If a man requires a mirror of 0.9m as to see the whole of himself in the mirror when he is standing 2m away from the mirror. How much mirror does he require when he now stands 6m from the mirror?
The same mirror length is required: 0.9 m , which is half his height. The mirror is always half way between the man and his image.
To calculate how much mirror the man requires when he stands 6m from the mirror, we need to understand the relationship between the distance of the man from the mirror and the size of the mirror.
In this case, the man requires a mirror of 0.9m to see his whole self when he is standing 2m away from the mirror.

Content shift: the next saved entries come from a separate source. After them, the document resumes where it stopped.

(* Let $n>k\ge1$ and $0\le r\le k$. The number of pairs $(A,B)\in M_k(\mathbb{F}_q)\times M_{k,n-k}(\mathbb{F}_q)$ with $\operatorname{rank}\mathcal{C}(A,B)=r$ (i.e. with $r$-dimensional reachability subspace) is $${k\brack r}_q\, q^{(k-r)^2}\prod_{i=k-r+1}^{k}(q^n-q^i).$$ In particular, the number of reachable pairs (those with $\operatorname{rank}\mathcal{C}(A,B)=k$) is $\prod_{i=1}^{k}(q^n-q^i)$.
   Context: $\mathbb{F}_q$ is the finite field with $q$ elements. For $(A,B)\in M_k(\mathbb{F}_q)\times M_{k,n-k}(\mathbb{F}_q)$, the reachability matrix is $\mathcal{C}(A,B)=[\,B\ \ AB\ \ \cdots\ \ A^{k-1}B\,]$. ${k\brack r}_q=\prod_{i=0}^{r-1}\frac{q^{k-i}-1}{q^{i+1}-1}$ denotes the $q$-binomial coefficient (the number of $r$-dimensional subspaces of $\mathbb{F}_q^k$). Empty products equal $1$. *)

From HB Require Import structures.
From mathcomp Require Import all_boot all_order all_algebra.
Set Implicit Arguments. Unset Strict Implicit. Unset Printing Implicit Defensive.
Import GRing.Theory.
Local Open Scope ring_scope.

Definition reach_mx (F : fieldType) (k m : nat) (A : 'M[F]_k) (B : 'M[F]_(k, m)) :
  'M[F]_(k, \sum_(j < k) m) :=
  \mxrow_(j < k) (A ^+ j *m B).

Definition qbinom (q k r : nat) : rat :=
  \prod_(i < r) (((q ^ (k - i))%:R - 1) / ((q ^ i.+1)%:R - 1)).

From HB Require Import structures.
From mathcomp Require Import all_boot all_order all_algebra all_field.
From mathcomp Require Import ring zify.
Set Implicit Arguments. Unset Strict Implicit. Unset Printing Implicit Defensive.
Import Order.TTheory GRing.Theory Num.Theory.
Local Open Scope ring_scope.

(* Work with row vectors: reachmx A B below is the row space of the B A^i, the
   transpose of the column space of reach_mx.  A pair (A, B) whose reachable
   space has rank r is determined by a row-free basis E of that space, by a
   reachable pair (A1, B1) of size r written in that basis, and by the part Z of
   A that vanishes on it: (A, B) = (E^+ A1 E + Z, B1 E) with E Z = 0.  Counting
   the triples ((A, B), E) in two ways gives
     N_r = [k r]_q q^(k(k-r)) R_r,
   where N_r counts pairs of rank r and R_r reachable pairs of size r.  Since
   the N_r add up to all q^(k(k+m)) pairs, induction on k identifies R_k, and
   a q-Pascal computation shows that R_k = prod_(j<k) (q^(k+m) - q^(j+1)) solves
   this recursion. *)

Section Krylov.
Variable F : fieldType.

Definition krylovmx k m N (A : 'M[F]_k) (B : 'M[F]_(m, k)) : 'M[F]_k :=
  (\sum_(i < N) <<B *m A ^+ i>>)%MS.

Definition reachmx k m (A : 'M[F]_k) (B : 'M[F]_(m, k)) := krylovmx k A B.

Section FixedPair.
Variables (k m : nat) (A : 'M[F]_k) (B : 'M[F]_(m, k)).
Local Notation K N := (krylovmx N A B).

Lemma krylovmx_mono N M : (N <= M)%N -> (K N <= K M)%MS.
Proof.
move=> leNM; apply/sumsmx_subP => i _.
exact: (sumsmx_sup (widen_ord leNM i)).
Qed.

Lemma sub_krylovmx N i : (i < N)%N -> (B *m A ^+ i <= K N)%MS.
Proof. by move=> ltiN; rewrite -genmxE; exact: (sumsmx_sup (Ordinal ltiN)). Qed.

Lemma krylovmx_min N p (U : 'M_(p, k)) :
  (B <= U)%MS -> (U *m A <= U)%MS -> (K N <= U)%MS.
Proof.
move=> sBU sUAU; apply/sumsmx_subP => i _; rewrite genmxE.
elim: (nat_of_ord i) => [|j IHj]; first by rewrite expr0 mulmx1.
by rewrite exprSr mulmxA (submx_trans _ sUAU) ?submxMr.
Qed.

Lemma krylovmxMr N : (K N *m A <= K N.+1)%MS.
Proof.
rewrite sumsmxMr_gen; apply/sumsmx_subP => i _.
rewrite genmxE (eqmxMr _ (genmxE _)) -mulmxA mulmxE -exprSr.
by apply: sub_krylovmx; rewrite ltnS.
Qed.

Lemma krylovmx_stationary i N : (K i.+1 <= K i)%MS -> (K N <= K i)%MS.
Proof.
move=> sKi1Ki; apply: krylovmx_min; last exact: submx_trans (krylovmxMr i) sKi1Ki.
apply: submx_trans sKi1Ki.
by have := @sub_krylovmx i.+1 0 (ltn0Sn i); rewrite expr0 mulmx1.
Qed.

(* Each strict inclusion K i < K i.+1 raises the rank, which cannot exceed k. *)
Lemma exists_krylovmx_stationary :
  exists2 i, (i <= k)%N & (K i.+1 <= K i)%MS.
Proof.
have grow j : (j <= \rank (K j))%N \/ exists2 i, (i < j)%N & (K i.+1 <= K i)%MS.
  elim: j => [|j [leRj | [i ltij sKi]]]; first by left.
    have [sKj | nsKj] := boolP (K j.+1 <= K j)%MS; first by right; exists j.
    left; apply: leq_ltn_trans leRj _.
    by rewrite (ltn_leqif (mxrank_leqif_sup (krylovmx_mono (leqnSn j)))).
  by right; exists i; rewrite // ltnW.
have [leRk1 | [i ltik1 sKi]] := grow k.+1; last by exists i.
by have := leq_trans leRk1 (rank_leq_col _); rewrite ltnn.
Qed.

Lemma sub_reachmx_pow N : (B *m A ^+ N <= reachmx A B)%MS.
Proof.
have [i leik sKi] := exists_krylovmx_stationary.
apply: submx_trans (krylovmx_mono leik).
by apply: submx_trans (krylovmx_stationary N.+1 sKi); exact: sub_krylovmx.
Qed.

Lemma sub_reachmx : (B <= reachmx A B)%MS.
Proof. by have := sub_reachmx_pow 0; rewrite expr0 mulmx1. Qed.

Lemma reachmxMr : (reachmx A B *m A <= reachmx A B)%MS.
Proof.
apply: submx_trans (krylovmxMr _) _; apply/sumsmx_subP => i _.
by rewrite genmxE sub_reachmx_pow.
Qed.

Lemma krylovmx_reachmx N : (k <= N)%N -> (krylovmx N A B == reachmx A B)%MS.
Proof.
move=> lekN; apply/andP; split; last exact: krylovmx_mono.
exact: krylovmx_min sub_reachmx reachmxMr.
Qed.

End FixedPair.

Lemma reachmx_restrict k r m (A : 'M[F]_k) (B : 'M_(m, k)) (E : 'M_(r, k))
    (A1 : 'M_r) (B1 : 'M_(m, r)) :
  (r <= k)%N -> E *m A = A1 *m E -> B = B1 *m E ->
  (reachmx A B == reachmx A1 B1 *m E)%MS.
Proof.
move=> lerk EA BE.
have pow j : B *m A ^+ j = B1 *m A1 ^+ j *m E.
  elim: j => [|j IHj]; first by rewrite !expr0 !mulmx1.
  by rewrite !exprSr -!mulmxE !mulmxA IHj -!mulmxA EA.
rewrite -(eqmxMr E (eqmxP (krylovmx_reachmx A1 B1 lerk))).
apply/andP; split.
  by apply/sumsmx_subP => i _; rewrite genmxE pow submxMr ?sub_krylovmx.
rewrite sumsmxMr_gen; apply/sumsmx_subP => i _.
by rewrite genmxE (eqmxMr _ (genmxE _)) -pow sub_reachmx_pow.
Qed.

Lemma trmxX k (A : 'M[F]_k) j : (A ^+ j)^T = A^T ^+ j.
Proof.
elim: j => [|j IHj]; first by rewrite !expr0 trmx1.
by rewrite exprS -mulmxE trmx_mul IHj exprSr mulmxE.
Qed.

Lemma mxrank_reach_mx k m (A : 'M[F]_k) (B : 'M[F]_(k, m)) :
  \rank (reach_mx A B) = \rank (reachmx A^T B^T).
Proof.
rewrite -mxrank_tr tr_mxrow eqmx_col; congr (\rank _).
by apply: eq_bigr => i _; rewrite trmx_mul trmxX.
Qed.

This means that the height of the mirror is related to the distance to the mirror.
We can assume that the height of the man remains constant (since it is not mentioned in the question), and only the distance changes. From this, we can establish a proportion:
Distance to mirror / Height of mirror = Constant
Let's call the distance to the mirror "d" and the height of the mirror "h". Using the values mentioned in the question, we can write the proportion as:
2m / 0.9m = 6m / h
Now, we can solve for "h", the height of the mirror when the man stands 6m from the mirror:
2m / 0.9m = 6m / h
Cross-multiplying, we get:
2m * h = 6m * 0.9m
2h = 5.4
Dividing by 2, we find:
h = 5.4 / 2
h = 2.7
Therefore, the man requires a mirror with a height of 2.7m when he stands 6m away.